Когда он поднялся и подсчитал деньги, вместо полутораста целковых, оказалась только сотня с червонцем да пятерка.
После мать еще тратила на Дмитрия, а потом у сестры умер ребенок, мать давала взаймы дочери на похороны...
Теперь Дмитрий не знал, сколько же точно целковых хранится в чулке матери.
И он в тревоге распахнул калитку.
Во дворе сестра с мужем садили сети. Во всю длину двора были натянуты между шестами хребтины, — к ним ловец и рыбачка пришивали сети, быстро работая игличками с намотанной на них пряжей.

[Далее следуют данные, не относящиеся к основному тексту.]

Lemma psi_sigma_rec_bounds j : (j <= M)%N ->
  [/\ 0 <= psi (sigE j) <= psi 0 & 0 <= psi (sigW j) <= psi 0].
Proof.
move=> /sigma_rec_bounds[/andP[E0 Ea] /andP[W0 Wa]].
by rewrite !(saturation_psi_ge0 sat) ?E0 ?Ea ?W0 ?Wa // !(saturation_psi_le_psi0 sat).
Qed.

Lemma flux_interior_bounds j p : (0 < j < M)%N ->
  - (rhoW p j.+1 * psi (sigE j) * U) <= F j p <= rhoE p j * psi (sigW j.+1) * U.
Proof.
move=> /andP[j0 jM]; rewrite /flux (gtn_eqF j0) leqNgt jM /=.
have [/andP[E0 _] _] := rho_rec_bounds p (ltnW jM).
have [_ /andP[W0 _]] := rho_rec_bounds p jM.
have [/andP[psiE0 _] _] := psi_sigma_rec_bounds (ltnW jM).
have [_ /andP[psiW0 _]] := psi_sigma_rec_bounds jM.
set x := u (dx * j%:R) p; have xU : `|x| <= U by apply: u_le; apply: ltnW.
have /andP[pos0 posx] := posp_bounds x; have /andP[negx neg0] := negp_bounds x.
set a := rhoE p j * _; set b := rhoW p j.+1 * _.
have a0 : 0 <= a by rewrite mulr_ge0.
have b0 : 0 <= b by rewrite mulr_ge0.
have posU : posp x <= U by lra.
have negU : - U <= negp x by lra.
have := ler_wpM2l a0 posU; have := mulr_ge0 a0 pos0.
have := ler_wpM2l b0 negU; have := mulr_ge0_le0 b0 neg0.
by move=> *; apply/andP; split; lra.
Qed.

Lemma flux_boundary j p : (j == 0)%N || (M <= j)%N -> F j p = 0.
Proof. by rewrite /flux => ->. Qed.

Lemma flux_le_psi0 i p : (0 < i <= M)%N -> F i p <= rhoE p i * psi 0 * U.
Proof.
move=> /andP[i0 iM]; have [/andP[E0 _] _] := rho_rec_bounds p iM.
have [iltM | Mi] := ltnP i M; last first.
  by rewrite flux_boundary ?Mi ?orbT // !mulr_ge0 // ltW ?(saturation_psi0_gt0 sat).
have /andP[_ Fle] := @flux_interior_bounds i p ltac:(lia).
have [_ /andP[_ psiW]] := psi_sigma_rec_bounds iltM.
by apply: le_trans Fle _; rewrite ler_wpM2r // ler_wpM2l.
Qed.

— Дома маманя? — спросил Дмитрий, поднимаясь на крыльцо.
Ни сестра, ни Егор не ответили; они торопились закончить посадку сетей, — к вечеру Егор должен был выйти на лов.

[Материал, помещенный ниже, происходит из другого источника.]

Theorem theorem5p14 (p n : nat) (z : nat -> algC) :
  prime p ->
  (forall i, (p ^ i).-primitive_root (z i)) ->
  (* unique representation in Z[zeta_{p^i}] w.r.t. the basis zeta^j, j < phi(p^i) *)
  (forall i (N : nat) (a : nat -> int), exists c : nat -> int,
      \sum_(k < N) (a k)%:~R * z i ^+ k
      = \sum_(j < totient (p ^ i)) (c j)%:~R * z i ^+ j) /\
  (forall i (c : nat -> int),
      \sum_(j < totient (p ^ i)) (c j)%:~R * z i ^+ j = 0 ->
      forall j, (j < totient (p ^ i))%N -> c j = 0) /\
  (* image characterisation *)
  (forall x : nat -> nat -> int,
      in_wedderburn_image p n z x <->
      (forall l j, (1 <= l <= n)%N -> (j < totient (p ^ (n - l)))%N ->
         (x (n - l)%N j = wedd_rhs p n x l j %[mod (p ^ l)%:Z])%Z)) /\
  (* elementary divisors *)
  (exists (e : 'I_(p ^ n) -> nat * nat) (M : 'M[int]_(p ^ n)) (d : seq int),
      [/\ wedderburn_matrix p n z e M, smith_diagonal M d &
          perm_eq d (expected_divisors p n)]).
Proof.
move=> p_pr z_prim; split; [|split; [|split]].
- by move=> i N a; apply: exists_ieval_totient p_pr (z_prim i).
- by move=> i; apply: prim_root_ieval_eq0 (z_prim i).
- by move=> x; split; [apply: wedd_image_congr | apply: congr_wedd_image].
- exists (@row_pos p n), (wedd_mx p n), (expected_divisors p n).
  by split; [apply: wedderburn_matrix_wedd_mx | apply: smith_wedd_mx | apply: perm_refl].
Qed.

Дмитрий открыл дверь в сени.
— А ты ноги-то вытирай! — сердито крикнула сестра.
Мать сидела у окна и латала парус.
Пройдя к старухе, Дмитрий отшвырнул край полотнища под стол, намереваясь опуститься к ногам матери.

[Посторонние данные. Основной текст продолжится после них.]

(* Let $u(t)=\sum_{i=1}^M s_i(t)e^{j2\pi f_it}$ be a signal in the class $\mathcal{M}_2$ described in the context, and consider an L-shaped array with $2N-1$ sensors ($N$ along each axis, with a common sensor at the origin) and distance $d$ between adjacent sensors. Let $\alpha_i=f_i\cos\theta_i$, $\beta_i=f_i\sin\theta_i$, and suppose they lie on the grid $\{\delta l\}_{l=-L_0}^{L_0}$ with $L_0=\frac{f_{\text{Nyq}}}{2\delta}$; set $L=2L_0+1$. Let $\mathbf{G}\in\mathbb{C}^{(2N-1)\times L^2}$ have entries, for $l=0,\dots,L^2-1$ with $l_1=(l\bmod L)-L_0$ and $l_2=\lfloor l/L\rfloor-L_0$: $G_{n,l}=e^{j2\pi\frac{dn}{c}\delta l_1}$ for $0\le n\le N-1$ and $G_{n,l}=e^{j2\pi\frac{d(n-N+1)}{c}\delta l_2}$ for $N\le n\le 2N-2$. Let $\mathbf{R}=\mathbf{G}\mathbf{R}_w^g\mathbf{G}^H$, where $\mathbf{R}_w^g$ is the $L^2\times L^2$ diagonal matrix whose only nonzero entries are $\mathbb{E}[|w_i|^2]$ at the $M$ indices corresponding to the pairs $(\alpha_i,\beta_i)$, and let $\mathbf{r}_w^g$ be the diagonal of $\mathbf{R}_w^g$, so that $\mathrm{vec}(\mathbf{R})=(\bar{\mathbf{G}}\odot\mathbf{G})\mathbf{r}_w^g$. If (c1) $d<\frac{c}{f_{\text{Nyq}}}$, (c2) $N>M$, and (c3) $\mathrm{spark}(\mathbf{G})=N+1$, then the equation $\mathrm{vec}(\mathbf{R})=(\bar{\mathbf{G}}\odot\mathbf{G})\mathbf{r}$ has a unique $M$-sparse solution $\mathbf{r}=\mathbf{r}_w^g$.
   Context: Class $\mathcal{M}_2$: $u$ is complex valued with Fourier transform supported in $[-f_{\text{Nyq}}/2,f_{\text{Nyq}}/2]$, each $s_i$ has Fourier transform supported in $[-B/2,B/2]$, $\min_{i\neq j}|f_i-f_j|>B$; the $s_i$ are wide-sense stationary, zero mean, mutually uncorrelated with nonzero variances; transmission $i$ has unknown angle of arrival $\theta_i$ in the $xz$-plane, $|\theta_i|<90^\circ$, and $f_i\cos\theta_i$ (resp. $f_i\sin\theta_i$) are pairwise distinct. $c>0$ is the propagation speed. Each sensor multiplies by a common periodic function $p(t)$, low-pass filters and samples; $w_i[k]$ denotes the resulting baseband samples of transmission $i$, and the stacked sample vector $\mathbf{v}$ of both axes has correlation $\mathbb{E}[\mathbf{v}\mathbf{v}^H]=\mathbf{R}$. $\mathrm{vec}(\cdot)$ stacks columns, $\bar{\mathbf{G}}$ is the entrywise complex conjugate, $\odot$ is the Khatri–Rao (column-wise Kronecker) product, and $\mathrm{spark}$ is the smallest number of linearly dependent columns. A vector is $M$-sparse if it has at most $M$ nonzero entries. *)

From HB Require Import structures.
From mathcomp Require Import all_boot all_order all_algebra.
From mathcomp Require Import reals trigo.
From mathcomp Require Import complex.

Set Implicit Arguments.
Unset Strict Implicit.
Unset Printing Implicit Defensive.

Import Order.TTheory GRing.Theory Num.Theory.
Local Open Scope ring_scope.

Definition cexp2pi {R : realType} (x : R) : R[i] :=
  Complex (cos (2 * pi * x)) (sin (2 * pi * x)).

Definition cconjmx {R : realType} {m n : nat} (A : 'M[R[i]]_(m, n)) :
  'M[R[i]]_(m, n) := map_mx (@conjc R) A.

Definition adjmx {R : realType} {m n : nat} (A : 'M[R[i]]_(m, n)) :
  'M[R[i]]_(n, m) := (cconjmx A)^T.

(* vec(.): stacks the columns; vec A at index i + m*j is A i j. *)
Definition vecmx {T : Type} {m n : nat} (A : 'M[T]_(m, n)) : 'cV[T]_(n * m) :=
  (mxvec A^T)^T.

(* Khatri-Rao (column-wise Kronecker) product: column l of A ⊙ B is
   (col l A) ⊗ (col l B), entry a*p+b equal to A a l * B b l. *)
Definition khatri_rao {K : comNzRingType} {m p n : nat}
  (A : 'M[K]_(m, n)) (B : 'M[K]_(p, n)) : 'M[K]_(m * p, n) :=
  \matrix_(k < m * p, l < n) (mxvec (col l A *m (col l B)^T)) 0 k.

Definition vsupp {K : nzRingType} {n : nat} (x : 'cV[K]_n) : {set 'I_n} :=
  [set j | x j 0 != 0].

Definition sparse {K : nzRingType} {n : nat} (M : nat) (x : 'cV[K]_n) : Prop :=
  (#|vsupp x| <= M)%N.

Definition cols_dependent {K : nzRingType} {m n : nat} (A : 'M[K]_(m, n))
  (S : {set 'I_n}) : Prop :=
  exists x : 'cV[K]_n, x != 0 /\ vsupp x \subset S /\ A *m x = 0.

Definition spark_is {K : nzRingType} {m n : nat} (A : 'M[K]_(m, n)) (k : nat) : Prop :=
  (exists S : {set 'I_n}, #|S| = k /\ cols_dependent A S) /\
  (forall S : {set 'I_n}, cols_dependent A S -> (k <= #|S|)%N).

(* The L-shaped array manifold on the grid: rows 0..N-1 are the x-axis
   sensors (n*d), rows N..2N-2 the z-axis sensors ((n-N+1)*d); column l
   corresponds to l1 = (l mod L) - L0, l2 = floor(l/L) - L0, L = 2L0+1. *)
Definition Lgrid (L0 : nat) : nat := (2 * L0 + 1)%N.

Definition Gmat {R : realType} (N L0 : nat) (d c delta : R) :
  'M[R[i]]_((2 * N - 1)%N, (Lgrid L0 * Lgrid L0)%N) :=
  \matrix_(n, l)
    let l1 : int := ((l %% Lgrid L0)%N)%:Z - L0%:Z in
    let l2 : int := ((l %/ Lgrid L0)%N)%:Z - L0%:Z in
    if (n < N)%N then cexp2pi (d * n%:R / c * delta * l1%:~R)
    else cexp2pi (d * (n - N + 1)%N%:R / c * delta * l2%:~R).

Definition grid_index (L0 : nat) (a b : int) : nat :=
  (absz (a + L0%:Z)%R + Lgrid L0 * absz (b + L0%:Z)%R)%N.

Definition rwg {R : realType} (M L0 : nat) (a b : 'I_M -> int) (p : 'I_M -> R) :
  'cV[R[i]]_(Lgrid L0 * Lgrid L0) :=
  \col_(l < Lgrid L0 * Lgrid L0)
    \sum_(i < M | (l : nat) == grid_index L0 (a i) (b i)) ((p i)%:C)%C.

From HB Require Import structures.
From mathcomp Require Import all_boot all_order all_algebra.
From mathcomp Require Import reals trigo.
From mathcomp Require Import complex.

Set Implicit Arguments.
Unset Strict Implicit.
Unset Printing Implicit Defensive.

Import Order.TTheory GRing.Theory Num.Theory.
Local Open Scope ring_scope.

(* Since spark G = N + 1 and M < N, any M + 1 columns of G are independent.
   Fix an index u and put S = {u} ∪ supp w. Independence of the columns in S
   gives a y with G^H y equal to the indicator of u on S. If
   G D_r G^H = G D_w G^H, then applying both sides to y shows that
   D_r G^H y - w_u e_u lies in ker G; it is supported on {u} ∪ supp r, at most
   M + 1 indices, so it vanishes, and its u-th entry reads r_u = w_u. *)

Section ColumnIndependence.
Variables (F : fieldType) (m n : nat) (A : 'M[F]_(m, n)).

Lemma spark_cols_independent (k : nat) (S : {set 'I_n}) :
  spark_is A k.+1 -> (#|S| <= k)%N -> ~ cols_dependent A S.
Proof. by move=> [_ spark_min] cardS /spark_min; rewrite ltnNge cardS. Qed.

Lemma cols_independent_eq0 (S : {set 'I_n}) (x : 'cV[F]_n) :
  ~ cols_dependent A S -> A *m x = 0 -> vsupp x \subset S -> x = 0.
Proof.
move=> indep Ax0 suppS; apply/eqP/negPn/negP => x_neq0.
by apply: indep; exists x.
Qed.

(* With P the diagonal projection onto S, the columns of P K lie in ker A for
   the cokernel K of A P; independence on S forces P K = 0, hence row u of K
   vanishes and e_u is in the row space of A P. *)
Lemma cols_independent_indicator (S : {set 'I_n}) (u : 'I_n) :
  ~ cols_dependent A S -> u \in S ->
  exists y : 'rV[F]_m, forall s, s \in S -> (y *m A) 0 s = (s == u)%:R.
Proof.
move=> indep uS.
pose P : 'M[F]_n := diag_mx (\row_j (j \in S)%:R).
have P_supp (x : 'cV[F]_n) : vsupp (P *m x) \subset S.
  apply/subsetP => j; rewrite inE mul_diag_mx !mxE.
  by case: (j \in S); rewrite ?mul0r ?eqxx.
have indicator_in_row_space : (delta_mx (0 : 'I_1) u <= A *m P)%MS.
  rewrite submxE -rowE.
  have PK0 : P *m cokermx (A *m P) = 0.
    apply/matrixP => i j; have colPK : col j (P *m cokermx (A *m P)) = 0.
      rewrite colE -mulmxA (cols_independent_eq0 indep _ (P_supp _)) //.
      by rewrite mulmxA mulmxA mulmx_coker mul0mx.
    by move/matrixP: colPK => /(_ i 0); rewrite !mxE.
  by move/(congr1 (row u)): PK0; rewrite row_mul row_diag_mx mxE uS scale1r -rowE row0 => ->.
case/submxP: indicator_in_row_space => y def_delta.
exists y => s sS; move/matrixP: def_delta => /(_ 0 s).
by rewrite mulmxA mul_mx_diag !mxE sS mulr1 eqxx /= eq_sym => ->.
Qed.

End ColumnIndependence.

Section ComplexArray.
Variable R : realType.

Lemma cconjmx_cols_dependent (m n : nat) (G : 'M[R[i]]_(m, n)) S :
  cols_dependent (cconjmx G) S -> cols_dependent G S.
Proof.
case=> x [x_neq0 [suppS Gx0]]; exists (map_mx (@conjc R) x); split; [|split].
- apply: contra x_neq0 => /eqP/(congr1 (map_mx (@conjc R))).
  by rewrite map_mx0 => <-; apply/eqP/matrixP => i j; rewrite !mxE conjcK.
- apply: subset_trans suppS; apply/subsetP => j.
  by rewrite !inE mxE -[X in _ != X](conjc0 R) (can_eq (@conjcK R)).
- apply: (map_mx_inj (f := @conjc R)); rewrite map_mxM map_mx0 -Gx0.
  by congr (_ *m _); apply/matrixP => i j; rewrite !mxE; apply: conjcK.
Qed.

Lemma adjmx_mulmx_tr (m n : nat) (G : 'M[R[i]]_(m, n)) (y : 'rV_m) s :
  (adjmx G *m y^T) s 0 = (y *m cconjmx G) 0 s.
Proof. by rewrite !mxE; apply: eq_bigr => k _; rewrite !mxE mulrC. Qed.

Lemma vecmx_inj (T : Type) (m n : nat) : injective (@vecmx T m n).
Proof.
move=> A B /trmx_inj /(congr1 vec_mx); rewrite !mxvecK; exact: trmx_inj.
Qed.

Lemma vecmx_mul_diag_adjmx (m n : nat) (G : 'M[R[i]]_(m, n)) (x : 'cV_n) :
  vecmx (G *m diag_mx x^T *m adjmx G) = khatri_rao (cconjmx G) G *m x.
Proof.
apply/matrixP => k z; rewrite ord1 {z}.
case/mxvec_indexP: k => i j.
rewrite mul_mx_diag /vecmx !mxE mxvecE !mxE.
apply: eq_bigr => l _.
by rewrite !mxE mxvecE !mxE big_ord1 !mxE mulrC mulrA.
Qed.

Lemma sparse_rwg (M L0 : nat) (a b : 'I_M -> int) (p : 'I_M -> R) :
  sparse M (rwg L0 a b p).
Proof.
rewrite /sparse; set V := vsupp _.
pose source (l : 'I_(Lgrid L0 * Lgrid L0)) :=
  [pick i | (l : nat) == grid_index L0 (a i) (b i)].
have source_some l : l \in V -> exists i, source l = Some i /\
    (l : nat) = grid_index L0 (a i) (b i).
  rewrite inE mxE /source; case: pickP => [i /eqP|no_i]; first by exists i.
  by rewrite big_pred0 ?eqxx.
have source_inj : {in V &, injective source}.
  move=> l l' /source_some [i [-> li]] /source_some [i' [-> l'i']] [ii'].
  by apply: val_inj; rewrite /= li l'i' ii'.
rewrite -(card_in_imset source_inj).
apply: leq_trans (subset_leq_card (_ : source @: V \subset [set~ None])) _.
  by apply/subsetP => o /imsetP [l /source_some [i [si _]] ->]; rewrite !inE si.
by rewrite cardsC1 card_option card_ord.
Qed.

Lemma mul_diag_adjmx_sparse_inj (m n k M : nat) (G : 'M[R[i]]_(m, n))
    (r w : 'cV_n) :
  spark_is G k.+1 -> (M < k)%N -> sparse M r -> sparse M w ->
  G *m diag_mx r^T *m adjmx G = G *m diag_mx w^T *m adjmx G -> r = w.
Proof.
move=> sparkG ltMk r_sparse w_sparse Gr_Gw.
apply/matrixP => u z; rewrite ord1 {z}.
have indep_U1 (T : {set 'I_n}) : (#|T| <= M)%N -> ~ cols_dependent G (u |: T).
  move=> cardT; apply: (spark_cols_independent sparkG).
  by rewrite cardsU1 (leq_trans _ ltMk) // -add1n leq_add ?leq_b1.
set S := u |: vsupp w.
have [y hy] := cols_independent_indicator
  (contra_not (@cconjmx_cols_dependent _ _ G S) (indep_U1 _ w_sparse))
  (setU11 u (vsupp w)).
set g := adjmx G *m y^T.
have Gr_Gw_g : G *m (diag_mx r^T *m g) = G *m (diag_mx w^T *m g).
  by rewrite /g !mulmxA Gr_Gw.
have gS s : s \in S -> g s 0 = (s == u)%:R by move=> sS; rewrite adjmx_mulmx_tr hy.
clearbody g.
have Dw_g : diag_mx w^T *m g = w u 0 *: delta_mx u 0.
  apply/matrixP => j z; rewrite ord1 mul_diag_mx !mxE andbT.
  have [w_j0 | w_j0] := eqVneq (w j 0) 0.
    by case: (eqVneq j u) => [<-|]; rewrite w_j0 ?mulr0 !mul0r.
  have jS : j \in S by rewrite !inE w_j0 orbT.
  by rewrite gS //; case: (eqVneq j u) => [->|]; rewrite ?mulr0.
set x := diag_mx r^T *m g - w u 0 *: delta_mx u 0.
have Gx0 : G *m x = 0 by rewrite mulmxBr -Dw_g Gr_Gw_g subrr.
have supp_x : vsupp x \subset u |: vsupp r.
  apply/subsetP => j; rewrite !inE /x mul_diag_mx !mxE andbT.
  case: (eqVneq j u) => //= ju; rewrite mulr0 subr0.
  by apply: contra_neq => ->; rewrite mul0r.
move/matrixP: (cols_independent_eq0 (indep_U1 _ r_sparse) Gx0 supp_x).
move=> /(_ u 0); rewrite /x mul_diag_mx !mxE gS ?setU11 // eqxx !mulr1.
exact: subr0_eq.
Qed.

End ComplexArray.

Theorem theorem5 (R : realType) (M N L0 : nat) (c d delta fNyq : R)
    (f theta : 'I_M -> R) (a b : 'I_M -> int) (p : 'I_M -> R) :
    0 < c -> 0 < d -> 0 < delta ->
    fNyq = 2 * delta * L0%:R ->
    (* angles of arrival in (-90deg, 90deg) *)
    (forall i, `|theta i| < pi / 2) ->
    (* alpha_i = f_i cos theta_i, beta_i = f_i sin theta_i pairwise distinct *)
    (forall i j, i != j -> f i * cos (theta i) != f j * cos (theta j)) ->
    (forall i j, i != j -> f i * sin (theta i) != f j * sin (theta j)) ->
    (* alpha_i, beta_i lie on the grid {delta l}_{l=-L0}^{L0} *)
    (forall i, f i * cos (theta i) = delta * (a i)%:~R /\ `|a i| <= L0%:Z) ->
    (forall i, f i * sin (theta i) = delta * (b i)%:~R /\ `|b i| <= L0%:Z) ->
    (* E[|w_i|^2] nonzero *)
    (forall i, 0 < p i) ->
    let G := Gmat N L0 d c delta in
    let rw := rwg L0 a b p in
    let Rmx := G *m diag_mx rw^T *m adjmx G in
    d < c / fNyq ->                     (* (c1) *)
    (M < N)%N ->                        (* (c2) *)
    spark_is G N.+1 ->                  (* (c3) *)
    (sparse M rw /\ vecmx Rmx = khatri_rao (cconjmx G) G *m rw) /\
    (forall r : 'cV[R[i]]_(Lgrid L0 * Lgrid L0),
        sparse M r -> vecmx Rmx = khatri_rao (cconjmx G) G *m r -> r = rw).
Proof.
move=> _ _ _ _ _ _ _ _ _ _ G rw Rmx _ ltMN sparkG.
have rw_sparse : sparse M rw by exact: sparse_rwg.
split; first by split; last exact: vecmx_mul_diag_adjmx.
move=> r r_sparse vecR_r.
apply: (mul_diag_adjmx_sparse_inj sparkG ltMN r_sparse rw_sparse).
by apply: vecmx_inj; rewrite vecmx_mul_diag_adjmx -vecR_r.
Qed.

— Ой, чего ты, Митек? — встревожилась мать. — Чего ты, родной?
— Сохранность хочу проверить.
— Сейчас...
Старуха отстранила сына, нагнулась и вытащила из-за чулка сверток.
Дмитрий, громко дыша, развернул дрожащими руками над столом серый платок.
Заметив, что в окно могут подсмотреть со двора сестра и Егор, он сунул платок под фуфайку и направился к двери, торопливо говоря на ходу:
— Я к себе, маманя, пошел, там и проверю. А ты после зайди.
— Хорошо, хорошо, родной, — тихо откликнулась старуха и, вздохнув, нагнулась, чтобы поднять спущенный чулок.
Дмитрий прошел в конец двора и скрылся в своей мазанке.
Не раздеваясь, он развернул на столе платок и быстро пересчитал деньги.
— Вот так так! — и устало опустился на табуретку. — И сотни даже нету! Только шесть червонцев, две пятерки да целковый!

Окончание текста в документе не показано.